Unlike my hon. Friend the Member for Stalybridge and Hyde (Jonathan Reynolds), I have stood in the Roker end and felt very unsafe indeed. [Laughter.] As a founder member and chair of the all-party group for football supporters, I felt it was vital for me to be here today to represent the interests of football supporters.
I attended my first game at St James’s Park in Newcastle in the 1966-67 season, so not quite as long ago as my hon. Friend the Member for Sheffield South East (Mr Betts). I have visited 70-plus football league and premier league grounds and dozens upon dozens of non-league grounds, many of which I have heard mentioned today. For me the issue is not an abstract concept. It is something that I and many fans experience week in, week out through the football season. Standing in football grounds in all-seater stadiums happens now. The problem currently exists. We are not advocating a return to the large open terraces of the past.
Hillsborough was a tragedy, but it is not the only tragedy to befall football fans in this country. Ibrox in Glasgow has had two significant disasters in the past century. Bolton Wanderers had a significant disaster at
Burnden Park. Bradford had a dreadful fire that took many lives. There have been other smaller incidents where walls have fallen down or crush barriers have gone.
When I was a young person going to football matches, I remember people being crushed on crush barriers on open terraces on a regular basis, and the accident and emergency wards of our local hospitals were testament to that. However, 27 years have passed since the Taylor report.

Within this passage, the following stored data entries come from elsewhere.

Lemma cell_range a p : cell a p -> (Npow a * lo - 1 <= p <= Npow a * hi)%Z.
Proof.
  intros [x [Hx Hp]]. destruct (X_between x Hx) as [H1 H2].
  assert (Hq := powN_pos a).
  assert (INR N ^ a * IZR lo <= INR N ^ a * x)%R by (apply Rmult_le_compat_l; lra).
  assert (INR N ^ a * x <= INR N ^ a * IZR hi)%R by (apply Rmult_le_compat_l; lra).
  rewrite <- Npow_IZR, <- mult_IZR in *. split.
  - assert (Npow a * lo <= p + 1)%Z by (apply le_IZR; rewrite plus_IZR; lra). lia.
  - apply le_IZR. lra.
Qed.

Definition cells (a : nat) : list Z :=
  filter (fun p => decb (cell a p))
    (zrange (Npow a * lo - 1) (Z.to_nat (Npow a * (hi - lo) + 2))).

Lemma in_cells a p : In p (cells a) <-> cell a p.
Proof.
  unfold cells. rewrite in_filter_decb, in_zrange. split; [tauto|].
  intros H. split; [|exact H]. pose proof (cell_range a p H). lia.
Qed.

Lemma cells_NoDup a : NoDup (cells a).
Proof. apply NoDup_filter, zrange_NoDup. Qed.

Definition cell_count (a : nat) : nat := length (cells a).

Lemma sum_truncated_const (f : nat -> R) (L : nat) (c : R) : (0 <= c)%R ->
  (forall k, f k = if lt_dec k L then c else 0%R) ->
  forall n, (sum_f_R0 f n <= INR L * c)%R.
Proof.
  intros Hc Hf.
  assert (H : forall n, (sum_f_R0 f n <= INR (Nat.min (S n) L) * c)%R).
  { induction n; simpl sum_f_R0; rewrite Hf.
    - destruct (lt_dec 0 L); destruct L; simpl; try lia; lra.
    - destruct (lt_dec (S n) L).
      + replace (Nat.min (S (S n)) L) with (S (Nat.min (S n) L)) by lia. rewrite S_INR. lra.
      + replace (Nat.min (S (S n)) L) with (Nat.min (S n) L) by lia. lra. }
  intros n. eapply Rle_trans; [apply H|]. apply Rmult_le_compat_r; [exact Hc|]. apply le_INR. lia.
Qed.

Lemma cover_by_cells a : exists lft rgt : nat -> R,
  (forall n, lft n <= rgt n)%R /\ (forall x, X x -> exists n, lft n < x < rgt n)%R /\
  (forall n, sum_f_R0 (fun k => rgt k - lft k) n <= 2 * INR (cell_count a) / INR N ^ a)%R.
Proof.
  set (l := cells a). set (L := length l). set (Na := (INR N ^ a)%R).
  assert (HNa : (0 < Na)%R) by apply powN_pos.
  exists (fun n => if lt_dec n L then ((IZR (nth n l 0%Z) - 1) / Na)%R else 0%R).
  exists (fun n => if lt_dec n L then ((IZR (nth n l 0%Z) + 1) / Na)%R else 0%R).
  split; [|split].
  - intro n. destruct (lt_dec n L); [|lra].
    apply Rmult_le_compat_r; [left; now apply Rinv_0_lt_compat|lra].
  - intros x Hx. set (r := (Na * x)%R). destruct (archimed r) as [H1 H2].
    set (p := (up r - 1)%Z).
    assert (Hp : In p l).
    { apply in_cells. exists x. split; [exact Hx|]. unfold p. rewrite minus_IZR. fold Na r. lra. }
    destruct (In_nth l p 0%Z Hp) as [n [Hn Hnth]].
    exists n. destruct (lt_dec n L); [|unfold L in *; lia]. rewrite Hnth.
    replace x with (r / Na)%R by (unfold r; field; lra).
    unfold p. rewrite minus_IZR.
    split; apply Rmult_lt_compat_r; try (apply Rinv_0_lt_compat; lra); lra.
  - intros n. eapply Rle_trans.
    + apply (sum_truncated_const _ L (2 / Na)%R).
      * unfold Rdiv. apply Rmult_le_pos; [lra|]. left. now apply Rinv_0_lt_compat.
      * intros k. destruct (lt_dec k L); [field; lra|lra].
    + unfold L, l. fold (cell_count a). right. field. lra.
Qed.

(* A nonnegative sequence contracting by lam < 1 along a -> 2a + m becomes arbitrarily
   small: iterate along the indices 0, m, 3m, 7m, ... *)
Lemma contraction_small (r : nat -> R) (m : nat) (lam : R) :
  (0 <= lam < 1)%R -> (forall a, 0 <= r a)%R -> (forall a, r (a + (a + m))%nat <= lam * r a)%R ->
  forall eps, (0 < eps)%R -> exists a, (r a <= eps)%R.
Proof.
  intros Hlam Hr Hstep eps Heps.
  set (idx := fix idx i := match i with O => O | S i => (idx i + (idx i + m))%nat end).
  assert (Hidx : forall i, (r (idx i) <= lam ^ i * r 0%nat)%R).
  { induction i; simpl; [lra|]. eapply Rle_trans; [apply Hstep|].
    rewrite Rmult_assoc. apply Rmult_le_compat_l; [lra|exact IHi]. }
  assert (Hr0 := Hr 0%nat).
  destruct (pow_lt_1_zero lam ltac:(rewrite Rabs_right; lra) (eps / (r 0%nat + 1))%R)
    as [i Hi]; [apply Rdiv_lt_0_compat; lra|].
  specialize (Hi i (le_n _)). rewrite Rabs_right in Hi by (apply Rle_ge, pow_le; lra).
  exists (idx i). eapply Rle_trans; [apply Hidx|].
  apply Rle_trans with (eps / (r 0%nat + 1) * (r 0%nat + 1))%R; [|right; field; lra].
  apply Rmult_le_compat; try lra. apply pow_le. lra.
Qed.

Definition cell_density (a : nat) : R := (INR (cell_count a) / INR N ^ a)%R.

(* The counting inequality 2 c(2a+m) + N^a c(a) <= 2 N^(a+m) c(a) says that the
   density drops by the factor 1 - 1 / (2 N^m) from level a to level 2a + m. *)
Definition density_drops (m a : nat) : Prop :=
  (2 * cell_count (a + (a + m)) + N ^ a * cell_count a <= 2 * N ^ (a + m) * cell_count a)%nat.

Lemma density_drop_factor m a : density_drops m a ->
  (cell_density (a + (a + m)) <= (1 - 1 / (2 * INR N ^ m)) * cell_density a)%R.
Proof.
  unfold density_drops, cell_density. intros Hd. apply le_INR in Hd.
  rewrite !plus_INR, !mult_INR, !pow_INR, !pow_add in Hd. rewrite !pow_add.
  assert (Hu := powN_pos a). assert (Hv := powN_pos m).
  set (u := (INR N ^ a)%R) in *. set (v := (INR N ^ m)%R) in *.
  set (c := INR (cell_count a)) in *. set (c' := INR (cell_count (a + (a + m)))) in *.
  simpl in Hd. fold v in Hd.
  apply Rle_trans with (2 * c' * / (2 * (u * (u * v))))%R; [right; field; lra|].
  apply Rle_trans with ((2 * (u * v) * c - u * c) * / (2 * (u * (u * v))))%R;
    [|right; field; lra].
  apply Rmult_le_compat_r; [|lra].
  left. apply Rinv_0_lt_compat. repeat apply Rmult_lt_0_compat; lra.
Qed.

Lemma null_if_density_drops m : (forall a, density_drops m a) -> lebesgue_null X.
Proof.
  intros Hd eps Heps.
  assert (Hv : (1 <= INR N ^ m)%R) by (apply pow_R1_Rle, (le_INR 1); lia).
  assert (Hlam : (0 <= 1 - 1 / (2 * INR N ^ m) < 1)%R).
  { split.
    - assert (1 / (2 * INR N ^ m) <= 1 / 2)%R; [|lra].
      unfold Rdiv. rewrite !Rmult_1_l. apply Rinv_le_contravar; lra.
    - assert (0 < 1 / (2 * INR N ^ m))%R by (apply Rdiv_lt_0_compat; lra). lra. }
  destruct (contraction_small cell_density m _ Hlam) with (eps := (eps / 2)%R) as [a Ha].
  - intros a. unfold cell_density. apply Rmult_le_pos; [apply pos_INR|left; apply Rinv_0_lt_compat, powN_pos].
  - intros a. apply density_drop_factor, Hd.
  - lra.
  - destruct (cover_by_cells a) as [lft [rgt [H1 [H2 H3]]]]. exists lft, rgt.
    split; [exact H1|]. split; [exact H2|]. intros n. eapply Rle_trans; [apply H3|].
    unfold cell_density in Ha. unfold Rdiv in *. lra.
Qed.

Section Pigeonhole.
Variables a m : nat.

(* Addresses of the level-(2a+m) cells (cell_refine with k = a + m): an a-cell g
   followed by an (a+m)-digit word t, with value g + N^a w(t). *)
Definition addresses : list (Z * list Z) := list_prod (cells a) (words (a + m)).

Definition address_value (gt : Z * list Z) : Z := (fst gt + Npow a * word_value (snd gt))%Z.

Definition has_address (p : Z) (gt : Z * list Z) : Prop :=
  In gt addresses /\ address_value gt = p.

Definition uniquely_addressed (p : Z) : Prop :=
  cell (a + (a + m)) p /\ forall gt gt', has_address p gt -> has_address p gt' -> gt = gt'.

Definition good_block (n r : Z) : Prop :=
  forall u, (0 <= u < Npow m)%Z -> uniquely_addressed (n * Npow (a + m) + Npow a * u + r)%Z.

Grounds, fans and football have changed, but there is a problem that needs to be addressed.
Having seen the improvement, I was a fan and MP who remained to be convinced about safe standing at football grounds, but now—regularly attending football games at St James’s Park where I am a season ticket holder, and travelling round the country going to away games—I am part of the experience where fans stand week in, week out in the away ends and in many parts of home grounds as well. Safe standing is much safer than standing in designated seating areas. There is no doubt about that whatever. In designated seating areas where fans are standing in numbers, the seats in front of them are undoubtedly a trip hazard. I myself have tripped over seats, and seen many others doing so as well.
It is unlikely that safe standing will reduce ticket prices. In the Bundesliga, Dortmund, for instance, has one and half people standing for every seated place, but at Celtic—the experiment in Scotland—it is one for one. There will not be any real return from the football clubs’ perspective, but there is demand. No one wants it to become compulsory; it will be in selected parts of football grounds. However, there is no doubt that standing in sitting areas is less safe than safe standing. We need to think about it, and do something about it as soon as we can.